A grande incidência entre os profissionais de saúde direciona a atenção para a necessidade de implementação de medidas de forma a garantir a proteção deste grupo, sendo importante implementar medidas de vacinação, controlo de infeção e prevenção

61.

8.5.

Projeto

Devido ao surto de sarampo que atualmente afeta a Europa e coloca Portugal em elevado risco, em virtude da existência de grupos de indivíduos não vacinados, surgiu a ideia de dar a conhecer aos utentes da FLASMVNG e à comunidade informação importante sobre o sarampo. É importante como farmacêutica e profissional de saúde com proximidade da comunidade esclarecer e clarificar as dúvidas que possam surgir sobre a vacinação e o sarampo. Como tal, foi distribuído aos utentes um panfleto informativo sobre o sarampo, sobre os seus sintomas, complicações, a forma de prevenção e a importância da vacinação (anexo VI).

Este panfleto foi distribuído durante a Semana Europeia da Vacinação de 2018 que decorreu entre 23 e 29 de abril, sendo organizada pela Direção-Geral da Saúde em parceria com a OMS. Esta semana tinha como lema: ‘’As vacinas funcionam, proteja-se a si e aos que o rodeiam de doenças graves’’.

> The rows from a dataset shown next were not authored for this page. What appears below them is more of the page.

(* For every integer $n\ge 1$, every independence root $z$ of every finite simple graph on $n$ vertices satisfies $|z|\le 3^{\frac{n}{3}}+n-1$. That is, $M(n)\le 3^{\frac{n}{3}}+n-1$, where $M(n)$ is the maximum modulus of an independence root over all graphs on $n$ vertices.
   Context: For a finite simple graph $G$, the independence polynomial is $i(G,x)=\sum_{k=0}^{\alpha(G)} i_k x^k$, where $i_k$ is the number of independent sets of size $k$ in $G$ (with $i_0=1$) and $\alpha(G)$ is the independence number. Its complex roots are the independence roots of $G$. *)

From HB Require Import structures.
From mathcomp Require Import all_boot all_order all_algebra.
From mathcomp Require Import complex.
From mathcomp Require Import all_classical all_reals all_analysis.
Set Implicit Arguments. Unset Strict Implicit. Unset Printing Implicit Defensive.
Import Order.TTheory GRing.Theory Num.Theory.
Local Open Scope ring_scope.

Definition simple_graph (T : finType) (e : rel T) : Prop :=
  symmetric e /\ irreflexive e.

Definition independent (T : finType) (e : rel T) (S : {set T}) : bool :=
  [forall x in S, forall y in S, ~~ e x y].

Definition indep_count (T : finType) (e : rel T) (k : nat) : nat :=
  #|[set S : {set T} | independent e S & #|S| == k]|.

Definition indep_poly (R : nzRingType) (T : finType) (e : rel T) : {poly R} :=
  \poly_(k < #|T|.+1) (indep_count e k)%:R.

From HB Require Import structures.
From mathcomp Require Import all_boot all_order all_algebra.
From mathcomp Require Import complex.
From mathcomp Require Import all_classical all_reals all_analysis unstable.
From mathcomp Require Import ring lra zify.
(* Re-imported so that finset's [subsetP], [setD1K], ... shadow the
   homonymous lemmas of classical_sets. *)
From mathcomp Require Import fintype finset.
Set Implicit Arguments. Unset Strict Implicit. Unset Printing Implicit Defensive.
Import Order.TTheory GRing.Theory Num.Theory ComplexField.
Local Open Scope ring_scope.

(* The coefficients i_k of i(G, x) are positive exactly for k <= alpha(G), and
   a polynomial whose positive coefficients satisfy a_k <= c a_(k+1) has all
   its roots in the disc |z| <= c (Enestrom-Kakeya: multiply by c - x and
   compare the leading term with the others).  A non-maximal independent
   k-set extends to an independent (k+1)-set, which has k+1 subsets of size
   k, so i_k <= m_k + (k+1) i_(k+1), where m_k counts the maximal independent
   k-sets.  The Moon-Moser bound 3^(n/3) on the number of maximal independent
   sets bounds m_k, and k+1 <= n-1 whenever m_k > 0 (otherwise k+1 <= n), so
   i_k <= (3^(n/3) + n - 1) i_(k+1). *)

Lemma mulBr_sum_telescope (F : comNzRingType) (a : nat -> F) (c x : F) (d : nat) :
  (c - x) * \sum_(k < d.+1) a k * x ^+ k =
  c * a 0%N + \sum_(k < d) (c * a k.+1 - a k) * x ^+ k.+1 - a d * x ^+ d.+1.
Proof.
elim: d => [|d IH]; first by rewrite big_ord1 big_ord0 addr0 expr0 expr1 mulr1; ring.
by rewrite big_ord_recr /= mulrDr IH big_ord_recr /= !exprS; ring.
Qed.

Lemma norm_root_le_coef_ratio (F : numDomainType) (p : {poly F}) (c z : F) :
  p != 0 -> 0 <= c ->
  (forall k, (k < size p)%N -> 0 < p`_k) ->
  (forall k, (k.+1 < size p)%N -> p`_k <= c * p`_k.+1) ->
  root p z -> `|z| <= c.
Proof.
move=> p_neq0 c_ge0 p_gt0 p_ratio /rootP.
have [d size_p] : exists d, size p = d.+1.
  by exists (size p).-1; rewrite prednK // size_poly_gt0.
rewrite size_p in p_gt0 p_ratio; rewrite horner_coef size_p => pz.
have lead_eq : p`_d * z ^+ d.+1 =
    c * p`_0 + \sum_(k < d) (c * p`_k.+1 - p`_k) * z ^+ k.+1.
  apply/eqP; rewrite eq_sym -subr_eq0 -(mulBr_sum_telescope (nth 0 p)) pz.
  by rewrite mulr0.
have lead_le : p`_d * `|z| ^+ d.+1 <=
    c * p`_0 + \sum_(k < d) (c * p`_k.+1 - p`_k) * `|z| ^+ k.+1.
  have coef_ge0 k : 0 <= p`_k.
    by case: (ltnP k d.+1) => [/p_gt0/ltW // | ?]; rewrite nth_default ?size_p.
  rewrite -[p`_d]ger0_norm // -normrX -normrM lead_eq.
  apply: le_trans (ler_normD _ _) _; rewrite normrM !(ger0_norm c_ge0, ger0_norm (coef_ge0 _)) lerD2l.
  apply: le_trans (ler_norm_sum _ _ _) _; apply: ler_sum => k _.
  by rewrite normrM normrX ger0_norm // subr_ge0 (p_ratio _ (ltn_ord k)).
have p_normz_gt0 : 0 < \sum_(k < d.+1) p`_k * `|z| ^+ k.
  rewrite big_ord_recl expr0 mulr1 ltr_wpDr ?p_gt0 //.
  by apply: sumr_ge0 => k _; rewrite mulr_ge0 ?exprn_ge0 // ltW ?p_gt0.
by rewrite -subr_ge0 -(pmulr_lge0 _ p_normz_gt0) mulBr_sum_telescope subr_ge0.
Qed.

Lemma cube_le_exp3 k : (k ^ 3 <= 3 ^ k)%N.
Proof.
elim: k => // k IH; have [|k_ge3] := ltnP k 3; first by case: k IH => [|[|[|]]].
rewrite (expnS 3); apply: leq_trans (leq_mul (leqnn 3) IH).
by rewrite !expnS expn0; nia.
Qed.

Lemma sum_expn_le (I : finType) (A : {pred I}) (x : I -> nat) (k b : nat) :
  (0 < k)%N -> (forall i, i \in A -> x i ^ k <= b)%N ->
  ((\sum_(i in A) x i) ^ k <= #|A| ^ k * b)%N.
Proof.
move=> k_gt0 x_le; pose m := (\max_(i in A) x i)%N.
have m_le : (m ^ k <= b)%N.
  apply: (big_ind (fun y => y ^ k <= b)%N) => //; first by rewrite exp0n.
  by move=> y1 y2 h1 h2; case: (leqP y1 y2) => h; rewrite ?(maxn_idPr h) ?(maxn_idPl (ltnW h)).
apply: (@leq_trans ((#|A| * m) ^ k)); last by rewrite expnMn leq_mul2l m_le orbT.
by rewrite leq_exp2r // -sum_nat_const leq_sum // => i iA; apply: leq_bigmax_cond.
Qed.

Lemma cube_root_bound (R : realType) (n m : nat) :
  (m ^ 3 <= 3 ^ n)%N -> (m%:R : R) <= 3%:R `^ (n%:R / 3%:R).
Proof.
move=> m_le; rewrite -(ler_pXn2r (n := 3)) ?nnegrE ?powR_ge0 //.
rewrite -[X in _ <= X]powR_mulrn ?powR_ge0 // -powRrM mulfVK ?powR_mulrn //.
by rewrite -!natrX ler_nat.
Qed.

Section IndependentSets.
Variables (T : finType) (e : rel T).

Lemma independentP (S : {set T}) :
  reflect {in S &, forall x y, ~~ e x y} (independent e S).
Proof.
apply: (iffP forall_inP) => [S_ind x y xS yS | S_ind x xS].
  by move/forall_inP: (S_ind x xS); apply.
by apply/forall_inP => y yS; apply: S_ind.
Qed.

Lemma independentS (A S : {set T}) :
  A \subset S -> independent e S -> independent e A.
Proof.
move=> /subsetP AS /independentP S_ind.
by apply/independentP => x y xA yA; apply: S_ind; apply: AS.
Qed.

Definition maxindep (U S : {set T}) : bool :=
  [&& S \subset U, independent e S & [forall w in U :\: S, exists s in S, e w s]].

Definition maxindeps (U : {set T}) : {set {set T}} := [set S | maxindep U S].

Definition nbhd (U : {set T}) (v : T) : {set T} := [set u in U | e v u].

Definition cnbhd (U : {set T}) (v : T) : {set T} := v |: nbhd U v.

Lemma maxindeps0 : maxindeps set0 = [set set0].
Proof.
apply/setP => S; rewrite !inE.
apply/idP/eqP => [/and3P[]|->]; first by rewrite subset0 => /eqP.
apply/and3P; split; first exact: sub0set.
  by apply/independentP => x; rewrite inE.
by apply/forall_inP => x; rewrite !inE.
Qed.

Lemma cnbhd_sub (U : {set T}) (v : T) : v \in U -> cnbhd U v \subset U.
Proof. by move=> vU; apply/subsetP => x; rewrite !inE => /orP[/eqP->|/andP[]]. Qed.

Lemma maxindep_dominated (U S : {set T}) (v : T) :
  maxindep U S -> v \in U -> exists2 u, u \in cnbhd U v & u \in S.
Proof.
case/and3P=> SU _ /forall_inP S_dom vU.
have [vS|vS] := boolP (v \in S); first by exists v; rewrite ?setU11.
have /S_dom/exists_inP[s sS evs] : v \in U :\: S by rewrite inE vS.
by exists s; rewrite // !inE evs (subsetP SU) ?orbT.
Qed.

Hypotheses (e_sym : symmetric e) (e_irr : irreflexive e).

Lemma card_setD_cnbhd (U : {set T}) (u : T) :
  u \in U -> #|U :\: cnbhd U u| = (#|U| - (#|nbhd U u|).+1)%N.
Proof.
by move=> uU; rewrite cardsD (setIidPr (cnbhd_sub uU)) cardsU1 inE e_irr andbF.
Qed.

Lemma maxindep_delete (U S : {set T}) (u : T) :
  maxindep U S -> u \in S -> maxindep (U :\: cnbhd U u) (S :\ u).
Proof.
case/and3P=> /subsetP SU /independentP S_ind /forall_inP S_dom uS.
apply/and3P; split.
- apply/subsetP => x; rewrite !inE => /andP[xu xS].
  by rewrite (negbTE xu) (negbTE (S_ind _ _ uS xS)) SU ?andbF.
- by apply/independentP => x y; rewrite !inE => /andP[_ xS] /andP[_ yS]; apply: S_ind.
apply/forall_inP => w; rewrite !inE negb_or negb_and.
case/andP=> /orP w_notS /andP[/andP[wu nuw] wU].
have wS : w \notin S by case: w_notS => [/negPn/eqP wu_eq|//]; rewrite wu_eq eqxx in wu.
have /S_dom/exists_inP[s sS ews] : w \in U :\: S by rewrite inE wS wU.
apply/exists_inP; exists s => //; rewrite !inE sS andbT.
by apply: contraNneq nuw => esu; rewrite wU e_sym -esu ews.
Qed.

Lemma card_maxindeps_le_sum (U : {set T}) (v : T) : v \in U ->
  (#|maxindeps U| <= \sum_(u in cnbhd U v) #|maxindeps (U :\: cnbhd U u)|)%N.
Proof.
move=> vU.
have cover : maxindeps U \subset
    \bigcup_(u in cnbhd U v) [set u |: S | S in maxindeps (U :\: cnbhd U u)].
  apply/subsetP => S; rewrite inE => S_max.
  have [u uv uS] := maxindep_dominated S_max vU.
  apply/bigcupP; exists u => //; apply/imsetP; exists (S :\ u).
    by rewrite inE maxindep_delete.
  by rewrite setD1K.
apply: leq_trans (subset_leq_card cover) _.
apply: leq_trans (card_big_setU _ _ _) _.
by apply: leq_sum => u _; apply: leq_imset_card.
Qed.

Lemma moon_moser (U : {set T}) : (#|maxindeps U| ^ 3 <= 3 ^ #|U|)%N.
Proof.
have [m] := ubnP #|U|; elim: m U => // m IH U ltU.
have [->|[v0 v0U]] := set_0Vmem U; first by rewrite maxindeps0 cards1 cards0.
(* Every maximal independent set meets the closed neighbourhood of a vertex v
   of minimum degree d; removing the closed neighbourhood of any of its d+1
   vertices leaves at most |U|-d-1 vertices, and (d+1)^3 <= 3^(d+1). *)
pose v := [arg min_(v < v0 in U) #|nbhd U v|].
have [vU v_min] : v \in U /\ forall u, u \in U -> (#|nbhd U v| <= #|nbhd U u|)%N.
  by rewrite /v; case: arg_minnP.
have card_cnbhd : #|cnbhd U v| = (#|nbhd U v|).+1.
  by rewrite cardsU1 inE e_irr andbF.
have deg_lt : (#|nbhd U v| < #|U|)%N.
  by rewrite -ltnS -card_cnbhd ltnS subset_leq_card ?cnbhd_sub.
apply: (@leq_trans ((\sum_(u in cnbhd U v) #|maxindeps (U :\: cnbhd U u)|) ^ 3)).
  by rewrite leq_exp2r // card_maxindeps_le_sum.
apply: leq_trans (sum_expn_le (b := 3 ^ (#|U| - (#|nbhd U v|).+1)) _ _) _ => //.
  move=> u /(subsetP (cnbhd_sub vU)) uU; have deg_le := v_min u uU.
  apply: leq_trans (IH _ _) _; first by rewrite card_setD_cnbhd //; lia.
  by rewrite card_setD_cnbhd // leq_pexp2l //; lia.
rewrite card_cnbhd; apply: leq_trans (leq_mul (cube_le_exp3 _) (leqnn _)) _.
by rewrite -expnD subnKC.
Qed.

Lemma indep_extend (S : {set T}) :
  independent e S -> ~~ maxindep setT S ->
  exists2 w, w \notin S & independent e (w |: S).
Proof.
move=> S_ind; rewrite /maxindep subsetT S_ind /= => /forall_inPn[w].
rewrite !inE andbT => wS /exists_inPn w_free; exists w => //.
move/independentP: S_ind => S_ind; apply/independentP => x y.
rewrite !inE => /orP[/eqP->|xS] /orP[/eqP->|yS].
- by rewrite e_irr.
- exact: w_free.
- by rewrite e_sym; apply: w_free.
- exact: S_ind.
Qed.

Lemma maxindeps_gt0 : (0 < #|maxindeps setT|)%N.
Proof.
have set0_ind : independent e set0 by apply/independentP => x; rewrite inE.
pose S := [arg max_(S > set0 | independent e S) #|S|].
have [S_ind S_max] : independent e S /\
    forall S', independent e S' -> (#|S'| <= #|S|)%N.
  by rewrite /S; case: arg_maxnP.
rewrite card_gt0; apply/set0Pn; exists S; rewrite inE.
apply: contraT => /(indep_extend S_ind)[w wS /S_max].
by rewrite cardsU1 wS ltnn.
Qed.

Lemma maxindep_indepT (S : {set T}) :
  independent e setT -> maxindep setT S -> S = setT.
Proof.
move=> /independentP T_ind /and3P[_ _ /forall_inP S_dom].
apply/setP => w; rewrite inE; apply: contraT => wS.
have /S_dom/exists_inP[s _ ews] : w \in setT :\: S by rewrite !inE wS.
by have := T_ind w s; rewrite !inE ews => /(_ isT isT).
Qed.

Lemma indep_count_step (k : nat) :
  (indep_count e k <=
     #|[set S in maxindeps setT | #|S| == k]| + k.+1 * indep_count e k.+1)%N.
Proof.
rewrite /indep_count.
set A := [set S | independent e S & #|S| == k].
set B := [set S | independent e S & #|S| == k.+1].
rewrite -(cardsID (maxindeps setT) A); apply: leq_add.
  by apply: subset_leq_card; apply/subsetP => S; rewrite !inE => /andP[/andP[_ ->] ->].
have cover : A :\: maxindeps setT \subset
    \bigcup_(S' in B) [set S : {set T} | S \subset S' & #|S| == k].
  apply/subsetP => S; rewrite !inE => /andP[S_nmax /andP[S_ind /eqP S_k]].
  have [w wS wS_ind] := indep_extend S_ind S_nmax.
  apply/bigcupP; exists (w |: S); last by rewrite inE subsetU1 S_k eqxx.
  by rewrite inE wS_ind cardsU1 wS S_k eqxx.
apply: leq_trans (subset_leq_card cover) _.
apply: leq_trans (card_big_setU _ _ _) _.
rewrite mulnC -sum_nat_const; apply: leq_sum => S'.
by rewrite inE => /andP[_ /eqP S'_k]; rewrite cards_draws S'_k binSn.
Qed.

Durante esta semana foi possível esclarecer os utentes sobre a importância da vacinação e os possíveis efeitos secundários das vacinas. Esta campanha tinha como objetivo sensibilizar as pessoas para a importância da vacinação na proteção da saúde, quer dos vacinados, quer daqueles que não podem ser vacinados, através da imunidade de grupo.

Pretendeu-se também alertar os adolescentes, pais e restantes profissionais de saúde para optarem por escolhas fundamentadas quanto à vacinação e de forma a alertar para os riscos da não vacinação e as complicações do sarampo.

Através desta campanha de sensibilização foi possível demonstrar que o farmacêutico apresenta um papel interventivo na abordagem de temas diretamente relacionados com a saúde da comunidade, estreitando a sua relação com a mesma.